The Low and Middle-Income Tax Offset (LMITO) has been extended for another 12 months to cover the 2021/22 financial year. 

This means when individuals lodge their 2021/22 tax return next year, they'll receive an offset worth up to $1,080. 

But Director of Tax Communications at H&R Block, Mark Chapman, questioned the validity of the Government naming this a tax cut and said workers were unlikely to see any of the cash in their back pocket. 

"This measure ensures that 10.2 million low and middle income Australians will not see a tax hike of up to $1,080 next year.
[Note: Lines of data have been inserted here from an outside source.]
(* Let $X$ be a compact Hausdorff space and let $L$ be a normal, distributive and disjunctive lattice. If $X$ has a base $\mathcal B$ for its closed sets that is a sublattice of the lattice of closed subsets of $X$ (containing $\emptyset$ and $X$) and there is a lattice embedding of $\mathcal B$ into $L$, then the Wallman space $wL$ admits a continuous surjection onto $X$.
   Context: Lattices have a least element $\mathbf 0$ and a greatest element $\mathbf 1$, and lattice embeddings are injective maps preserving $\wedge,\vee,\mathbf 0,\mathbf 1$ (for $\mathcal B$: $\cap,\cup,\emptyset,X$). $L$ is disjunctive if whenever $a\not\le b$ there is $c\in L$ with $c\le a$ and $c\wedge b=\mathbf 0$. $L$ is normal if for all $x,y$ with $x\wedge y=\mathbf 0$ there are $u,v$ with $x\wedge u=\mathbf 0$, $y\wedge v=\mathbf 0$ and $u\vee v=\mathbf 1$. The Wallman space $wL$ is the set of ultrafilters (maximal proper filters) of $L$, topologized by taking the sets $\{p\in wL: a\in p\}$, $a\in L$, as a base for the closed sets; it is a compact $T_1$-space, and it is Hausdorff when $L$ is normal. *)

From HB Require Import structures.
From mathcomp Require Import all_boot all_order.
From mathcomp Require Import boolp classical_sets topology.
Set Implicit Arguments. Unset Strict Implicit. Unset Printing Implicit Defensive.
Import Order.TTheory.
Local Open Scope order_scope.
Local Open Scope classical_set_scope.

Section Wallman.
Context {d : Order.disp_t} (L : tbLatticeType d).

Definition lfilter (F : set L) : Prop :=
  F \top /\ (forall a b, F a -> (a <= b)%O -> F b) /\
  (forall a b, F a -> F b -> F (a `&` b)%O).

Definition proper_lfilter (F : set L) : Prop := lfilter F /\ ~ F \bot.

Definition lultrafilter (F : set L) : Prop :=
  proper_lfilter F /\ (forall G, proper_lfilter G -> F `<=` G -> G = F).

Definition normal_lattice : Prop :=
  forall x y : L, (x `&` y = \bot)%O ->
    exists u v : L, (x `&` u = \bot)%O /\ (y `&` v = \bot)%O /\ (u `|` v = \top)%O.

Definition disjunctive_lattice : Prop :=
  forall a b : L, ~ (a <= b)%O -> exists c : L, c != \bot /\ (c <= a)%O /\ (c `&` b = \bot)%O.

Definition wallman : Type := {p : set L | lultrafilter p}.

HB.instance Definition _ := gen_eqMixin wallman.
HB.instance Definition _ := gen_choiceMixin wallman.

Definition wallman_index : Type := L.
HB.instance Definition _ := Choice.on wallman_index.
HB.instance Definition _ := isPointed.Build wallman_index (\top : L).

Definition wbasic (a : L) : set wallman := [set p | sval p a].

(* topology whose closed sets have the sets wbasic a as a base, i.e. whose
   open sets are generated by their complements *)
HB.instance Definition _ := @isSubBaseTopological.Build wallman
  wallman_index setT (fun a : wallman_index => ~` wbasic a).

End Wallman.

Section Embed.
Context {T : topologicalType} {d : Order.disp_t} (L : tbLatticeType d).

Definition closed_base_sublattice (B : set (set T)) : Prop :=
  (forall D, B D -> closed D) /\
  (forall C, closed C -> C = \bigcap_(D in [set D | B D /\ C `<=` D]) D) /\
  (forall D E, B D -> B E -> B (D `&` E)) /\
  (forall D E, B D -> B E -> B (D `|` E)) /\
  B set0 /\ B setT.

Definition lattice_embedding (B : set (set T)) (e : set T -> L) : Prop :=
  {in B &, injective e} /\
  (forall D E, B D -> B E -> e (D `&` E) = (e D `&` e E)%O) /\
  (forall D E, B D -> B E -> e (D `|` E) = (e D `|` e E)%O) /\
  e set0 = \bot /\ e setT = \top.

End Embed.

From HB Require Import structures.
From mathcomp Require Import all_boot all_order.
From mathcomp Require Import boolp classical_sets topology.
From mathcomp Require Import finmap.
Import Order.TTheory.
Local Open Scope order_scope.
Local Open Scope classical_set_scope.

(* An ultrafilter p of L determines, through the embedding e, a family
   {D in B | e D in p} of closed sets with the finite intersection property;
   by compactness some point f p of X lies in all of them.  Since X is
   regular, every neighbourhood W of f p contains some F in B such that
   E `|` F = X for some E in B missing f p; ultrafilters are prime, so every
   ultrafilter in the basic open set avoiding e E contains e F and is mapped
   into F.  A point x is the image of any ultrafilter extending the filter
   generated by the e D with x in D, which is proper because e is injective. *)

Section LatticeFilters.
Context {d : Order.disp_t} {L : tbLatticeType d}.
Local Open Scope order_scope.
Implicit Types (S F G p : set L) (a : L).

Definition upclosure S : set L := [set a | exists2 s, S s & s <= a].

Lemma upclosure_proper_lfilter S :
  S !=set0 -> (forall s t, S s -> S t -> exists2 u, S u & u <= s `&` t) ->
  ~ S \bot -> proper_lfilter (upclosure S).
Proof.
move=> [s0 Ss0] Sdir Sbot; split; [split; [|split]|].
- by exists s0 => //; exact: lex1.
- by move=> a b [s Ss sa] ab; exists s => //; exact: le_trans ab.
- move=> a b [s Ss sa] [t St tb]; have [u Su ust] := Sdir s t Ss St.
  by exists u => //; apply: le_trans ust _; exact: leI2.
- by move=> [s Ss]; rewrite lex0 => /eqP sbot; apply: Sbot; rewrite -sbot.
Qed.

Lemma lfilter_chain_bigcup (C : set (set L)) :
  C !=set0 -> (forall G, C G -> proper_lfilter G) -> total_on C subset ->
  proper_lfilter (\bigcup_(G in C) G).
Proof.
move=> [G0 CG0] CP Ctot; split; [split; [|split]|].
- by exists G0 => //; have [[]] := CP G0 CG0.
- move=> a b [G CG Ga] ab; exists G => //.
  by have [[_ [GU _]] _] := CP G CG; exact: GU ab.
- move=> a b [G1 CG1 G1a] [G2 CG2 G2b].
  have [G12|G21] := Ctot G1 G2 CG1 CG2.
    exists G2 => //; have [[_ [_ GI]] _] := CP G2 CG2.
    by apply: GI => //; exact: G12.
  exists G1 => //; have [[_ [_ GI]] _] := CP G1 CG1.
  by apply: GI => //; exact: G21.
- by move=> [G CG Gbot]; have [_] := CP G CG; apply.
Qed.

Lemma lultrafilter_ex F :
  proper_lfilter F -> exists2 p, lultrafilter p & F `<=` p.
Proof.
move=> PF; have [[FT _] _] := PF.
(* set0 is admitted only to bound the empty chain. *)
pose P := [set G | G = set0 \/ proper_lfilter G /\ F `<=` G].
have [|A [PA Amax]] := @Zorn_bigcup L P.
  move=> C CP Ctot.
  have [Cnil|/existsNP [G0 /not_implyP [CG0 G0nil]]] :=
    pselect (forall G, C G -> G = set0).
    by left; apply/seteqP; split=> // x [G CG]; rewrite (Cnil G CG).
  have [//|[G0F FG0]] := CP G0 CG0.
  have CPG G x : C G -> G x -> proper_lfilter G.
    by move=> CG Gx; case: (CP G CG) => [Gnil|[]//]; rewrite Gnil in Gx.
  right; split; last by move=> x Fx; exists G0 => //; exact: FG0.
  have -> : \bigcup_(G in C) G =
            \bigcup_(G in (C `&` @proper_lfilter _ L)%classic) G.
    apply/seteqP; split=> x [G CG Gx]; exists G => //; last by case: CG.
    by split => //; exact: CPG Gx.
  apply: lfilter_chain_bigcup; first by exists G0.
  - by move=> G [].
  - by move=> G1 G2 [CG1 _] [CG2 _]; exact: Ctot.
have [A0|[Afil FA]] := PA.
  exfalso; apply: (Amax F); last by right; split.
  rewrite A0 properEneq; split => //.
  by apply/eqP => /esym F0; rewrite F0 in FT.
exists A => //; split => // G PG AG; apply: contrapT => GA; apply: (Amax G).
  by rewrite properEneq; split => //; apply/eqP => /esym.
by right; split => //; exact: subset_trans AG.
Qed.

Lemma lultrafilter_meet_bot {p a} :
  lultrafilter p -> ~ p a -> exists2 q, p q & q `&` a = \bot.
Proof.
move=> [[[pT [_ pI]] _] pmax] npa; apply: contrapT => nex; apply: npa.
pose G := upclosure [set q `&` a | q in p].
have GF : proper_lfilter G.
  apply: upclosure_proper_lfilter.
  - by exists (\top `&` a), \top.
  - move=> _ _ [q1 p1 <-] [q2 p2 <-]; exists ((q1 `&` q2) `&` a).
      by exists (q1 `&` q2) => //; exact: pI.
    by rewrite meetACA meetxx.
  - by move=> [q pq qa]; apply: nex; exists q.
have pG : p `<=` G by move=> q pq; exists (q `&` a); [exists q | exact: leIl].
by rewrite -(pmax G GF pG); exists (\top `&` a); [exists \top | rewrite meet1x].
Qed.

End LatticeFilters.

Lemma lultrafilter_prime {d : Order.disp_t} {L : tbDistrLatticeType d}
    {p : set L} {a b : L} :
  lultrafilter p -> p (a `|` b)%O -> p a \/ p b.
Proof.
move=> up pab; apply: contrapT => /not_orP [na nb].
have [q1 p1 q1a] := lultrafilter_meet_bot up na.
have [q2 p2 q2b] := lultrafilter_meet_bot up nb.
have [[[_ [pU pI]] pbot] _] := up.
apply: pbot; apply: (pU ((q1 `&` q2) `&` (a `|` b))%O).
  by apply: (pI) => //; exact: pI.
rewrite meetUr leUx -{1}q1a -q2b.
by apply/andP; split; apply: leI2 => //; [exact: leIl | exact: leIr].
Qed.

Lemma wbasicC_open {d : Order.disp_t} (L : tbLatticeType d) (a : L) :
  open (~` wbasic a : set (wallman L)).
Proof.
exists [set ~` wbasic a]; last by rewrite bigcup_set1.
move=> _ ->; exists [fset (a : wallman_index L)]%fset.
  by move=> i _; exact: in_setT.
by rewrite set_fset1 bigcap_set1.
Qed.

Lemma compact_directed_bigcap {X : topologicalType} {I : Type}
    (D : set I) (f : I -> set X) :
  compact [set: X] -> D !=set0 ->
  (forall i j, D i -> D j -> exists2 k, D k & f k `<=` f i `&` f j) ->
  (forall i, D i -> closed (f i)) -> (forall i, D i -> f i !=set0) ->
  exists x, forall i, D i -> f i x.
Proof.
move=> cX D0 Ddir Dcl Dne.
have Ffil := filter_from_filter D0 Ddir.
have [x [_]] := cX _ (filter_from_proper Ffil Dne) filterT.
rewrite clusterE => clx; exists x => i Di.
by have /closure_id -> := Dcl i Di; apply: clx; exists i.
Qed.

Section ClosedBase.
Context {X : topologicalType} {B : set (set X)}.
Hypothesis B_base :
  forall C, closed C -> C = \bigcap_(D in [set D | B D /\ C `<=` D]) D.

Lemma closed_base_separate {C x} :
  closed C -> ~ C x -> exists2 D, B D /\ C `<=` D & ~ D x.
Proof.
move=> cC nCx; apply: contrapT => nD; apply: nCx.
rewrite (B_base _ cC) => D BCD; apply: contrapT => nDx.
exact: nD (ex_intro2 _ _ D BCD nDx).
Qed.

Hypotheses (X_compact : compact [set: X])
  (B_closed : forall D, B D -> closed D).
Hypotheses (B_setI : forall D E, B D -> B E -> B (D `&` E)) (B_setT : B setT).

Lemma closed_base_between {K U} :
  closed K -> open U -> K `<=` U -> exists2 F, B F /\ K `<=` F & F `<=` U.
Proof.
move=> cK oU KU; apply: contrapT => nF.
have [y yF] : exists y, forall F, B F /\ K `<=` F -> (F `&` ~` U) y.
  apply: (@compact_directed_bigcap X _ _ (fun F => F `&` ~` U) X_compact).
  - by exists setT.
  - move=> F1 F2 [B1 K1] [B2 K2]; exists (F1 `&` F2).
      by split; [exact: B_setI | rewrite subsetI].
    by move=> z [[? ?] ?].
  - by move=> F [BF _]; apply: closedI; [exact: B_closed | exact: open_closedC].
  - move=> F [BF KF]; apply: contrapT => /set0P/negP; rewrite negbK => /eqP FU.
    by apply: nF; exists F => //; move: FU; rewrite disjoints_subset setCK.
have Ky : K y by rewrite (B_base _ cK) => F KF; have [] := yF F KF.
by have [_] := yF setT (conj B_setT (fun _ _ => I)); apply; exact: KU.
Qed.

Hypothesis X_hausdorff : hausdorff_space X.

Lemma closed_base_cover_nbhs {x W} : nbhs x W ->
  exists E F, [/\ B E, B F, E `|` F = setT, ~ E x & F `<=` W].
Proof.
rewrite nbhsE => -[W0 [oW0 W0x] W0W].
have [O nO clOW0] := compact_regular X_hausdorff X_compact filterT
  (open_nbhs_nbhs (conj oW0 W0x)).
have [E [BE OE] nEx] := closed_base_separate (open_closedC (@open_interior _ O))
  (fun h => h nO).
have [F [BF OF] FW0] := closed_base_between (@closed_closure _ O) oW0 clOW0.
exists E, F; split => //; last exact: subset_trans W0W.
apply/seteqP; split => // z _; have [Ez|nEz] := pselect (E z); [by left|right].
apply/OF/subset_closure/(@interior_subset _ O); apply: contrapT => nOz.
exact: nEz (OE _ nOz).
Qed.

End ClosedBase.

Section WallmanMap.
Context {X : topologicalType} {d : Order.disp_t} {L : tbDistrLatticeType d}.
Variables (B : set (set X)) (e : set X -> L).
Hypotheses (B_closed : forall D, B D -> closed D)
  (B_setI : forall D E, B D -> B E -> B (D `&` E))
  (B_set0 : B set0) (B_setT : B setT).
Hypotheses (e_inj : {in B &, injective e})
  (e_meet : forall D E, B D -> B E -> e (D `&` E) = (e D `&` e E)%O)
  (e_join : forall D E, B D -> B E -> e (D `|` E) = (e D `|` e E)%O)
  (e_set0 : e set0 = \bot) (e_setT : e setT = \top).

Definition adheres (p : wallman L) (x : X) : Prop :=
  forall D, B D -> sval p (e D) -> D x.

Hypothesis X_compact : compact [set: X].

Lemma adheres_ex (p : wallman L) : exists x, adheres p x.
Proof.
have [[[pT [_ pI]] pbot] _] := svalP p.
have [x px] : exists x, forall D, B D /\ sval p (e D) -> D x.
  apply: (@compact_directed_bigcap X _ _ id X_compact).
  - by exists setT; rewrite /= e_setT.
  - move=> D1 D2 [B1 p1] [B2 p2]; exists (D1 `&` D2) => //.
    by split; [exact: B_setI | rewrite e_meet //; exact: pI].
  - by move=> D [BD _]; exact: B_closed.
  - move=> D [BD pD]; apply/set0P/eqP => D0.
    by apply: pbot; rewrite -e_set0 -D0.
by exists x => D BD pD; exact: px (conj BD pD).
Qed.

Hypotheses (X_hausdorff : hausdorff_space X)
  (B_base :
    forall C, closed C -> C = \bigcap_(D in [set D | B D /\ C `<=` D]) D).
Variable f : wallman L -> X.
Hypothesis f_adheres : forall p, adheres p (f p).

Lemma wallman_map_continuous : continuous f.
Proof.
move=> p W /= nW.
have [E [F [BE BF EF nEp FW]]] :=
  closed_base_cover_nbhs B_base X_compact B_closed B_setI B_setT X_hausdorff nW.
apply: (@filterS _ _ _ (~` wbasic (e E))).
  move=> r nEr; have [[[rT _] _] _] := svalP r.
  have : sval r (e E `|` e F)%O by rewrite -e_join // EF e_setT.
  case/(lultrafilter_prime (svalP r)) => [//|rF].
  exact: FW (f_adheres r F BF rF).
apply: open_nbhs_nbhs; split; first exact: wbasicC_open.
by move=> pE; apply: nEp; exact: f_adheres pE.
Qed.

Lemma wallman_map_surjective x : exists p, f p = x.
Proof.
have [p up xp] :
    exists2 p, lultrafilter p & upclosure (e @` [set D | B D /\ D x]) `<=` p.
  apply/lultrafilter_ex/upclosure_proper_lfilter.
  - by exists (e setT), setT.
  - move=> _ _ [D1 [B1 D1x] <-] [D2 [B2 D2x] <-].
    exists (e (D1 `&` D2)); last by rewrite e_meet.
    by exists (D1 `&` D2) => //; split; [exact: B_setI | split].
  - move=> [D [BD Dx] eD]; have D0 : D = set0.
      by apply: e_inj; [exact: mem_set | exact: mem_set | rewrite e_set0].
    by rewrite D0 in Dx.
exists (exist _ p up); apply: contrapT => fpx.
have x_closed : closed [set x].
  by apply: accessible_closed_set1; exact: hausdorff_accessible.
have [D [BD xD] nD] := closed_base_separate B_base x_closed fpx.
apply/nD/(f_adheres _ _ BD)/xp; exists (e D) => //.
by exists D => //; split => //; exact: xD.
Qed.

End WallmanMap.

Theorem lemma5p2 (X : topologicalType) (d : Order.disp_t)
  (L : tbDistrLatticeType d) :
  compact [set: X] -> hausdorff_space X ->
  normal_lattice L -> disjunctive_lattice L ->
  forall (B : set (set X)) (e : set X -> L),
    closed_base_sublattice B -> lattice_embedding B e ->
  exists f : wallman L -> X, continuous f /\ (forall x : X, exists p : wallman L, f p = x).
Proof.
move=> cX hX _ _ B e [Bcl [Bbase [BI [_ [B0 BT]]]]] [einj [eI [eU [e0 eT]]]].
have [f f_adheres] := choice (adheres_ex B e Bcl BI BT eI e0 eT cX).
exists f; split.
- exact: wallman_map_continuous B e Bcl BI BT eU eT cX hX Bbase f f_adheres.
- exact: wallman_map_surjective B e BI B0 BT einj eI e0 hX Bbase f f_adheres.
Qed.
However, let’s call this what it is and ignore the government spin; this isn’t a tax cut, it's simply the deferral of a tax rise," Mr Chapman said.

"Nobody should be counting the extra dollars in next year’s pay packets because there aren’t any; the tax burden for low and middle income individuals next year is exactly the same as it was this year." 

Australian Council of Social Service CEO, Dr Cassandra Goldie, questioned why the Government was giving out tax incentives while seemingly ignoring those experiencing financial hardship. 

"So far the government has given around $20 billion dollars in personal tax cuts to people already in paid jobs for the next financial year, plus tens of billions in business tax incentives," Dr Goldie said.

"But not a single cent more to people living in deep poverty, including women on low incomes." 

Super changes get the green light but questions remain over impact

A slew of changes to superannuation were headlined by the repeal of the work test for 67 to 74 year olds to make non-concessional or salary sacrificed contrbution, removal of the minimum income threshold for super guarantee, and reduction of the downsizer contribution age. 

Ms Owen said the latter policy may free up more established housing, but said any impact was unlikely to be seen prior to its introduction in July 2022. 

"This means motivated downsizers aged 60 to 64 may wait for the scheme to come into effect before selling, and any impact of increased listings as a result would only impact the housing market then," she said.

"It also worth noting that in the almost three years since the scheme was implemented, only around 22,000 individuals have accessed it, so this may not add materially to supply."

Dr Wilson also noted the little success the scheme had, and said it had been impeded by the lack of suitable next-stage downsizer accommodation. 

"The reduced age eligibility will only exacerbate this issue, with the clear shortage of reasonably affordable, medium-density and larger higher-density dwellings in established middle and inner suburbs," he said.

"The availability of appropriate suburban downsizer accommodation likely takes priority over financial incentives, particularly for a younger demographic."